Finally, we set the meta data for the function, this is where we propagate thread-safe flags in the first pass. Also gets called from SetCalculatedMetaDataAndFlags in the second pass to catch skeleton class generation.

MD_ThreadSafe is a specific metadata key that indicates whether a function is thread-safe. Thread safety means that a function can be safely called from multiple threads simultaneously without causing data corruption or unexpected behavior.

  
// Propagate thread-safe flags in this first pass. Also gets called from SetCalculatedMetaDataAndFlags in the second
// pass to catch skeleton class generation
if (Context.EntryPoint->MetaData.bThreadSafe)
{
    Context.Function->SetMetaData(FBlueprintMetadata::MD_ThreadSafe, TEXT("true"));
}

Backend Emits Generated Code

Epic's Definition

The backends convert the collection of statements from each function context into code. There are two backends in use:

FKismetCompilerVMBackend - Converts FKCS to UnrealScript VM bytecode which are then serialized into the function’s script array.
FKismetCppBackend - Emits C++-like code for debugging purposes only.
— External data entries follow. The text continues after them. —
(* A nontrivial permutation [t] fixing all columns doubles the bound: [B |-> t * perm_of_mx B]
   is a second injection of [GLk] into [PAut C], with image disjoint from the first. *)
Lemma card_unitmx_double_le_PAut t :
  t != 1%g -> realizes C t 1%:M -> (2 * #|GLk| <= #|PAut C|)%N.
Proof.
move=> t_nt t1.
pose h (p : bool * 'M['F_2]_k) := if p.1 then (t * perm_of_mx p.2)%g else perm_of_mx p.2.
have hP b B : B \in unitmx -> realizes C (h (b, B)) B.
  move=> B_unit; case: b; last exact: perm_of_mxP.
  by have := realizesM t1 (perm_of_mxP B_unit); rewrite mulmx1.
have t_fix B : (t * perm_of_mx B == perm_of_mx B)%g = false.
  by rewrite -{2}[perm_of_mx B]mul1g (can_eq (mulgK _)) (negbTE t_nt).
have inj : {in setX [set: bool] GLk &, injective h}.
  move=> [b B] [b' B']; rewrite !inE => /andP [_ B_unit] /andP [_ B'_unit] hBB'.
  have eqBB' : B = B' by apply: (realizes_uniq (hP b B B_unit)); rewrite hBB'; exact: hP.
  subst B'; congr (_, _); clear B_unit B'_unit.
  case: b b' hBB' => [] [] //; rewrite /h /= => /eqP;
    by rewrite ?t_fix // eq_sym t_fix.
have -> : (2 * #|GLk| = #|setX [set: bool] GLk|)%N by rewrite cardsX cardsT card_bool.
rewrite -(card_in_imset inj).
apply/subset_leq_card/subsetP => s /imsetP [[b B]].
rewrite in_setX inE => /andP [_ B_unit] ->; apply: realizes_PAut (hP b B B_unit).
Qed.
Lemma bsp_dist_k_le T c (l1 r1 l2 r2 : R -> R -> R) (s1 s2 : R -> R) (a1 a2 : R)
    (x1 k1 x2 k2 : R -> R) (ds d : R) :
  0 < c -> 0 <= T ->
  grows_at_rate T c l1 -> grows_at_rate T c r1 ->
  grows_at_rate T c l2 -> grows_at_rate T c r2 ->
  BSP_solution T l1 r1 s1 a1 x1 k1 -> BSP_solution T l2 r2 s2 a2 x2 k2 ->
  (forall t, t \in `[0, T] -> `|s1 t - s2 t| <= ds) ->
  (forall t, t \in `[0, T] -> forall x, `|l1 t x - l2 t x| <= d) ->
  (forall t, t \in `[0, T] -> forall x, `|r1 t x - r2 t x| <= d) ->
  forall t, t \in `[0, T] -> `|k1 t - k2 t| <= 2 * `|a1 - a2| + 4 * ds + 2 * (d / c).
Proof.
move=> c0 T0 gl1 gr1 gl2 gr2.
move=> [_ x1E x1_in [kr1 [kl1 [kr1I kl1I k1E kl1_flat kr1_flat]]]].
move=> [_ x2E x2_in [kr2 [kl2 [kr2I kl2I k2E kl2_flat kr2_flat]]]].
move=> s12 l12 r12 t t_in.
have [T_in O_in] : T \in `[0, T] /\ 0 \in `[0, T] by split; rewrite in_itv /= lexx T0.
pose p := `|a1 - a2| + 2 * ds.
have x12 u : u \in `[0, T] -> `|x1 u - x2 u - tail_diff T k1 k2 u| <= p.
  move=> u_in; rewrite x1E ?x2E // /tail_diff.
  have -> : a1 + s1 T - s1 u + k1 T - k1 u - (a2 + s2 T - s2 u + k2 T - k2 u)
      - (k1 T - k1 u - (k2 T - k2 u)) = a1 - a2 + (s1 T - s2 T) - (s1 u - s2 u).
    by ring.
  have := ler_normB (a1 - a2 + (s1 T - s2 T)) (s1 u - s2 u).
  have := ler_normD (a1 - a2) (s1 T - s2 T).
  by have := s12 T T_in; have := s12 u u_in; rewrite /p; lra.
have x21 u : u \in `[0, T] -> `|x2 u - x1 u - tail_diff T k2 k1 u| <= p.
  move=> /x12; congr (_ <= _); rewrite -normrN; congr `|_|.
  by rewrite /tail_diff; ring.
have [l1x1 r1x1] : (forall u, u \in `[0, T] -> l1 u (x1 u) <= 0) /\
    (forall u, u \in `[0, T] -> 0 <= r1 u (x1 u)).
  by split=> u /x1_in /andP[].
have [l2x2 r2x2] : (forall u, u \in `[0, T] -> l2 u (x2 u) <= 0) /\
    (forall u, u \in `[0, T] -> 0 <= r2 u (x2 u)).
  by split=> u /x2_in /andP[].
have l21 u : u \in `[0, T] -> forall x, `|l2 u x - l1 u x| <= d.
  by move=> u_in x; rewrite distrC; exact: l12.
have r21 u : u \in `[0, T] -> forall x, `|r2 u x - r1 u x| <= d.
  by move=> u_in x; rewrite distrC; exact: r12.
have D12 := tail_diff_le c0 T0 kr1I kl1I kr2I kl2I k1E k2E kr1_flat kl2_flat
  l1x1 r2x2 gr1 gl2 l12 r12 x12.
have D21 := tail_diff_le c0 T0 kr2I kl2I kr1I kl1I k2E k1E kr2_flat kl1_flat
  l2x2 r1x1 gr2 gl1 l21 r21 x21.
have [[_ kr10 _] [_ kl10 _]] := (kr1I, kl1I).
have [[_ kr20 _] [_ kl20 _]] := (kr2I, kl2I).
have := D12 _ O_in; have := D12 _ t_in; have := D21 _ O_in; have := D21 _ t_in.
rewrite /tail_diff (k1E 0 O_in) (k2E 0 O_in) kr10 kl10 kr20 kl20 /p ler_norml.
by move=> *; apply/andP; split; lra.
Qed.
Lemma shrunken_alcove_pos c : c \in Sigma -> gen_by Sigma cor u ->
  is_int (pairing c lam) -> shrunken Sigma Splus lam u ->
  (forall k1 k2 : int, is_k c (xalcove Splus lam u) k1 -> is_k c (base_alcove Splus) k2 ->
     k2 <= k1) ->
  forall q, xalcove Splus lam u q -> 0 < pairing c q.
Proof.
move=> cS Wu [m em] shr above q xq.
have hk1 := is_k_xalcove cS Wu em; have hk2 := is_k_base_alcove cS.
(* [k2] is 0 or 1, so [k2 <= k1] and [k1 != k2] force [k1 >= 1]. *)
have le := above _ _ hk1 hk2; have ne := shr c cS _ _ hk1 hk2.
have k1_ge1 : (1 <= (m + if c *m u \in Splus then 0 else 1))%R.
  by move: le ne; case: ifP => _; case: ifP => _; lia.
have [lb _] := hk1 q xq; rewrite -(ler_int R) in k1_ge1; lra.
Qed.

Lemma dominant_pos_root c v q : v \in unitmx -> c *m v \in Sigma ->
  dominant Splus (invmx v *m q) -> 0 < pairing c q -> c *m v \in Splus.
Proof.
move=> uv cvS dom cq; apply: contraT => /(root_Npos_opp RD cvS)/dom.
by rewrite pairingNl pairingM mulKVmx //; lra.
Qed.

End Alcoves.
As introduced in the first post and in prior section “Generate Bytecode from FBlueprintCompiledStatement “. The code in question is:

  
Backend_VM.GenerateCodeFromClass(NewClass, FunctionList, bGenerateStubsOnly);

FKismetCppBackend has been moved to it’s own module and for debugging purpose only, we will just focus on the FKismetCompilerVMBackend here.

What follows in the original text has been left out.